THE TASK → Starting with the line containing "(P : probability" and going on through the line containing "Lemma convex01_slope_le h", return the lines of the data below exactly, and only those.
--- SUPPLIED RECORDS ---
Definition convex01 {R : realType} (h : R -> R) : Prop :=
  forall x y t : R, 0 <= x <= 1 -> 0 <= y <= 1 -> 0 <= t <= 1 ->
    h (t * x + (1 - t) * y) <= t * h x + (1 - t) * h y.

Definition hint {d} {T : measurableType d} {R : realType}
  (P : probability T R) (h : R -> R) (U : T -> R) : Prop :=
  P.-integrable setT (EFin \o (h \o U)).

From HB Require Import structures.
From mathcomp Require Import all_boot all_order all_algebra.
From mathcomp Require Import all_classical all_reals all_analysis.
From mathcomp Require Import ring lra.
Import Order.TTheory GRing.Theory Num.Theory.
Local Open Scope classical_set_scope.
Local Open Scope ring_scope.

(* Each summand has the form E[Var_h(U | G)] = E[h(U)] - E[h(E[U | G])] with
   U = Q_k, so the three identities are telescoping sums: by the tower property,
   for G1 ⊆ G2, E[Var_h(U | G1)] = E[Var_h(E[U | G2] | G1)] + E[Var_h(U | G2)].
   The inequalities then reduce to E[Var_h(U | G)] >= 0, i.e. the conditional
   Jensen inequality for h convex on [0,1].  It is obtained by comparing
   E[h(U) | G] with the supporting lines of h at the countably many rational
   points of ]0,1[; the endpoints 0 and 1 are treated separately, because a
   convex function on [0,1] may jump there and need not have a subgradient. *)

Section convex01.
Context {R : realType}.
Implicit Types (h : R -> R) (x y c eps w z : R).

Lemma convex01_slope_le h p c q : convex01 h ->
  0 <= p -> p < c -> c < q -> q <= 1 ->
  (h c - h p) / (c - p) <= (h q - h c) / (q - c).
Proof.
move=> hconv p0 pc cq q1.
have cp : 0 < c - p by rewrite subr_gt0.
have qc : 0 < q - c by rewrite subr_gt0.
have qp : q - p != 0 by rewrite lt0r_neq0 // subr_gt0 (lt_trans pc cq).
pose t := (q - c) / (q - p).
have t01 : 0 <= t <= 1.
  by rewrite divr_ge0 ?ler_pdivrMr ?mul1r /=; lra.
have tc : t * p + (1 - t) * q = c by rewrite /t; field.
have := hconv p q t; rewrite tc => /(_ _ _ t01) hc.
have {hc} : h c * (q - p) <= (q - c) * h p + (c - p) * h q.
  have -> : (q - c) * h p + (c - p) * h q = (t * h p + (1 - t) * h q) * (q - p).
    by rewrite /t; field.
  by rewrite ler_wpM2r // ?hc; lra.
rewrite ler_pdivrMr // mulrAC ler_pdivlMr //; nra.
Qed.

Lemma convex01_subgradient h c : convex01 h -> 0 < c < 1 ->
  exists s, forall y, 0 <= y <= 1 -> h c + s * (y - c) <= h y.
Proof.
move=> hconv /andP[c0 c1].
pose E := [set (h c - h p) / (c - p) | p in [set p | 0 <= p < c]].
have E0 : E !=set0 by exists ((h c - h 0) / (c - 0)); exists 0 => //=; rewrite lexx c0.
have Eub y : c < y -> y <= 1 -> ubound E ((h y - h c) / (y - c)).
  by move=> cy y1 _ [p /andP[p0 pc] <-]; exact: convex01_slope_le.
have Ebd : has_ubound E by exists ((h 1 - h c) / (1 - c)); exact: Eub.
exists (sup E) => y /andP[y0 y1].
have [yc|cy|->] := ltgtP y c; last by rewrite subrr mulr0 addr0.
- have : (h c - h y) / (c - y) <= sup E.
    by apply: ub_le_sup => //; exists y => //=; rewrite y0 yc.
  have cy : 0 < c - y by rewrite subr_gt0.
  rewrite ler_pdivrMr //; nra.
- have : sup E <= (h y - h c) / (y - c) by apply: ge_sup => //; exact: Eub.
  have yc : 0 < y - c by rewrite subr_gt0.
  rewrite ler_pdivlMr //; nra.
Qed.

Definition subgrad01 h c : R :=
  match pselect (exists s, forall y, 0 <= y <= 1 -> h c + s * (y - c) <= h y) with
  | left e => projT1 (cid e)
  | right _ => 0
  end.

Lemma subgrad01P h c : convex01 h -> 0 < c < 1 ->
  forall y, 0 <= y <= 1 -> h c + subgrad01 h c * (y - c) <= h y.
Proof.
move=> hconv c01; rewrite /subgrad01; case: pselect => [e|ne].
  exact: (projT2 (cid e)).
by exfalso; apply: ne; exact: convex01_subgradient.
Qed.

Lemma subgrad01_ubound h x : convex01 h -> 0 < x < 1 ->
  exists B, forall c, x < c <= (1 + x) / 2 -> subgrad01 h c <= B.
Proof.
move=> hconv x01; have /andP[x0 x1] := x01.
set sx := subgrad01 h x.
exists (2 * (`|h 1 - h x| + `|sx|) / (1 - x)) => c /andP[xc c2].
have c01 : 0 < c < 1 by apply/andP; split; lra.
have hc : h x + sx * (c - x) <= h c.
  by apply: subgrad01P => //; apply/andP; split; lra.
have h1 : h c + subgrad01 h c * (1 - c) <= h 1.
  by apply: subgrad01P => //; rewrite lexx ler01.
have n1 : h 1 - h x <= `|h 1 - h x| := ler_norm _.
have n2 : - `|sx| <= sx by rewrite lerNl -normrN ler_norm.
have n3 : - `|sx| <= sx * (c - x).
  have := normr_ge0 sx; have /andP[c0 c1] := c01; nra.
have sN : subgrad01 h c * (1 - c) <= `|h 1 - h x| + `|sx| by lra.
rewrite ler_pdivlMr ?subr_gt0 //.
have [s0|s0] := leP (subgrad01 h c) 0.
  by have := normr_ge0 (h 1 - h x); have := normr_ge0 sx; nra.
nra.
Qed.

Lemma convex01_supporting_line_approx h x eps : convex01 h -> 0 < x < 1 -> 0 < eps ->
  exists2 delta, 0 < delta < 1 - x &
    forall c, x < c < x + delta -> h x - eps < h c + subgrad01 h c * (x - c).
Proof.
move=> hconv x01 eps0; have /andP[x0 x1] := x01.
have [B hB] := subgrad01_ubound h x hconv x01.
set sx := subgrad01 h x; pose M := `|B| + `|sx|.
have M1 : 0 < M + 1 by rewrite ltr_wpDl ?addr_ge0.
pose delta := Num.min (eps / (M + 1)) ((1 - x) / 2).
have de : delta <= eps / (M + 1) by rewrite ge_min lexx.
have dx : delta <= (1 - x) / 2 by rewrite ge_min lexx orbT.
exists delta.
  by rewrite lt_min divr_gt0 //= ?divr_gt0 ?subr_gt0 //; lra.
move=> c /andP[xc cd].
have c01 : 0 < c < 1 by apply/andP; split; lra.
have hc : h x + sx * (c - x) <= h c.
  by apply: subgrad01P => //; apply/andP; split; lra.
have sB : subgrad01 h c <= `|B|.
  by apply: le_trans (hB c _) (ler_norm _); apply/andP; split; lra.
have sxM : - `|sx| <= sx by rewrite lerNl -normrN ler_norm.
have small : (c - x) * (M + 1) < eps by rewrite -ltr_pdivlMr //; lra.
have gap : - ((c - x) * (M + 1)) <= (c - x) * (sx - subgrad01 h c).
  have : 0 <= sx - subgrad01 h c + (M + 1) by rewrite /M; lra.
  have : 0 < c - x by rewrite subr_gt0.
  nra.
lra.
Qed.

Lemma nat_ratio_between x y : 0 <= x < y ->
  exists n m : nat, x < m%:R / n.+1%:R < y.
Proof.
move=> /andP[x0 xy].
have yx : 0 < y - x by rewrite subr_gt0.
pose n := Num.trunc (y - x)^-1.
have n0 : 0 < n.+1%:R :> R by rewrite ltr0n.
have n_gt : (y - x)^-1 < n.+1%:R := truncnS_gt _.
pose k := Num.trunc (x * n.+1%:R).
have k_le : k%:R <= x * n.+1%:R by rewrite truncn_le mulr_ge0 // ltW.
have k_gt : x * n.+1%:R < k.+1%:R := truncnS_gt _.
exists n, k.+1; rewrite ltr_pdivlMr // ltr_pdivrMr // k_gt /=.
have : 1 < (y - x) * n.+1%:R by rewrite -ltr_pdivrMl // mulr1.
by rewrite -natr1; lra.
Qed.

Lemma convex01_le_of_supporting_lines h w z : convex01 h -> 0 <= w <= 1 ->
  (forall n m : nat, 0 < (m%:R / n.+1%:R : R) < 1 ->
     h (m%:R / n.+1%:R) + subgrad01 h (m%:R / n.+1%:R) * (w - m%:R / n.+1%:R) <= z) ->
  (w = 0 -> h 0 <= z) -> (w = 1 -> h 1 <= z) -> h w <= z.
Proof.
move=> hconv /andP[w0 w1] lines h0 h1.
have [w_0|wn0] := eqVneq w 0; first by rewrite w_0; apply: h0.
have [w_1|wn1] := eqVneq w 1; first by rewrite w_1; apply: h1.
have w01 : 0 < w < 1 by rewrite !lt_neqAle eq_sym wn0 wn1 w0 w1.
rewrite leNgt; apply/negP => zw.
have ez : 0 < h w - z by rewrite subr_gt0.
have [delta /andP[d0 d1] approx] := convex01_supporting_line_approx h w _ hconv w01 ez.
have [n [m /andP[wc cd]]] : exists n m : nat, w < (m%:R / n.+1%:R : R) < w + delta.
  by apply: nat_ratio_between; rewrite w0 ltrDl.
have := approx _ (andb_true_intro (conj wc cd)).
have := lines n m; set c := m%:R / n.+1%:R.
have c01 : 0 < c < 1.
  by rewrite (le_lt_trans w0 wc) (lt_trans cd) // -ltrBrDl.
move=> /(_ c01); lra.
Qed.

End convex01.

Section conditional_expectation.
Context {R : realType} {d : measure_display} {T : measurableType d}.
Variable P : probability T R.
Implicit Types (G : set (set T)) (U V W : T -> R).

Definition is_sub_sigma G := sigma_algebra setT G /\ G `<=` measurable.

Definition measurable_in G V :=
  measurable_fun (setT : set (g_sigma_algebraType G)) V.

Lemma is_sub_sigma_setT {G} : is_sub_sigma G -> G setT.
Proof. by case=> [[G0 GC _] _]; have := GC set0 G0; rewrite setD0. Qed.

Lemma measurable_inP G V : sigma_algebra setT G ->
  (forall B : set R, measurable B -> G (V @^-1` B)) <-> measurable_in G V.
Proof.
move=> sG; split.
- by move=> GV _ B mB; rewrite setTI; apply: sub_sigma_algebra; exact: GV.
- move=> mV B mB; have := mV measurableT B mB; rewrite setTI.
  by rewrite /measurable /= (sigma_algebra_id sG).
Qed.

Lemma CE_is_cond_exp {G U} : cond_exp_exist P -> is_sub_sigma G ->
  P.-integrable setT (EFin \o U) -> is_cond_exp P G U (CE P G U).
Proof.
move=> ex [sG GM] iU; rewrite /CE; case: pselect => [e|ne].
  exact: (projT2 (cid e)).
by exfalso; apply: ne; exact: ex.
Qed.

Lemma is_cond_exp_integrable {G U W} : is_cond_exp P G U W ->
  P.-integrable setT (EFin \o W).
Proof. by case. Qed.

Lemma is_cond_exp_integral {G U W A} : is_cond_exp P G U W -> G A ->
  (\int[P]_(x in A) (W x)%:E = \int[P]_(x in A) (U x)%:E)%E.
Proof. by case=> _ _; apply. Qed.

Lemma is_cond_exp_measurable_in {G U W} : is_sub_sigma G -> is_cond_exp P G U W ->
  measurable_in G W.
Proof. by move=> [sG _] [mW _ _]; apply/measurable_inP. Qed.

Local Open Scope ereal_scope.

Lemma integralB_EFin_on {A V1 V2} : measurable A ->
  P.-integrable setT (EFin \o V1) -> P.-integrable setT (EFin \o V2) ->
  \int[P]_(x in A) (V1 x - V2 x)%R%:E =
  \int[P]_(x in A) (V1 x)%:E - \int[P]_(x in A) (V2 x)%:E.
Proof.
move=> mA i1 i2.
rewrite -(integralB_EFin mA (integrableS measurableT mA (subsetT _) i1)
  (integrableS measurableT mA (subsetT _) i2)).
by apply: eq_integral => x _; rewrite EFinB.
Qed.

Lemma integrableB_EFin {V1 V2} :
  P.-integrable setT (EFin \o V1) -> P.-integrable setT (EFin \o V2) ->
  P.-integrable setT (EFin \o (fun x => V1 x - V2 x)%R).
Proof.
move=> i1 i2; apply: (eq_integrable _ ((EFin \o V1) \- (EFin \o V2))) => //.
exact: integrableB.
Qed.

Lemma integrable_eq_indicator {I : eqType} {Y : T -> I} {k : I} :
  measurable (Y @^-1` [set k]) -> P.-integrable setT (EFin \o fun w => (Y w == k)%:R).
Proof.
move=> mYk; apply: (eq_integrable _ (EFin \o \1_(Y @^-1` [set k]))) => //; last first.
  exact: integrable_indic.
move=> w _; rewrite /= indicE.
suff -> : (w \in Y @^-1` [set k]) = (Y w == k) by [].
by apply/idP/idP => [/set_mem/eqP|/eqP/mem_set].
Qed.

Lemma ae_le_integral_EFin {A V1 V2} : measurable A ->
  P.-integrable setT (EFin \o V1) -> P.-integrable setT (EFin \o V2) ->
  (\forall x \ae P, A x -> (V1 x <= V2 x)%R) ->
  \int[P]_(x in A) (V1 x)%:E <= \int[P]_(x in A) (V2 x)%:E.
Proof.
move=> mA i1 i2 [N [mN PN sub]].
have j1 := integrableS measurableT mA (subsetT _) i1.
have j2 := integrableS measurableT mA (subsetT _) i2.
rewrite (negligible_integral mN mA j1 PN) (negligible_integral mN mA j2 PN).
have mAN : measurable (A `\` N) by exact: measurableD.
have AN : A `\` N `<=` A by move=> x [].
apply: le_integral => //.
- exact: integrableS mA mAN AN j1.
- exact: integrableS mA mAN AN j2.
move=> x /set_mem [Ax Nx]; rewrite lee_fin.
by apply: contrapT => V12; apply: Nx; apply: sub => /= H; exact: V12 (H Ax).
Qed.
---
EXERCISE RESULT →
  (P : probability T R) (h : R -> R) (U : T -> R) : Prop :=
  P.-integrable setT (EFin \o (h \o U)).

From HB Require Import structures.
From mathcomp Require Import all_boot all_order all_algebra.
From mathcomp Require Import all_classical all_reals all_analysis.
From mathcomp Require Import ring lra.
Import Order.TTheory GRing.Theory Num.Theory.
Local Open Scope classical_set_scope.
Local Open Scope ring_scope.

(* Each summand has the form E[Var_h(U | G)] = E[h(U)] - E[h(E[U | G])] with
   U = Q_k, so the three identities are telescoping sums: by the tower property,
   for G1 ⊆ G2, E[Var_h(U | G1)] = E[Var_h(E[U | G2] | G1)] + E[Var_h(U | G2)].
   The inequalities then reduce to E[Var_h(U | G)] >= 0, i.e. the conditional
   Jensen inequality for h convex on [0,1].  It is obtained by comparing
   E[h(U) | G] with the supporting lines of h at the countably many rational
   points of ]0,1[; the endpoints 0 and 1 are treated separately, because a
   convex function on [0,1] may jump there and need not have a subgradient. *)

Section convex01.
Context {R : realType}.
Implicit Types (h : R -> R) (x y c eps w z : R).

Lemma convex01_slope_le h p c q : convex01 h ->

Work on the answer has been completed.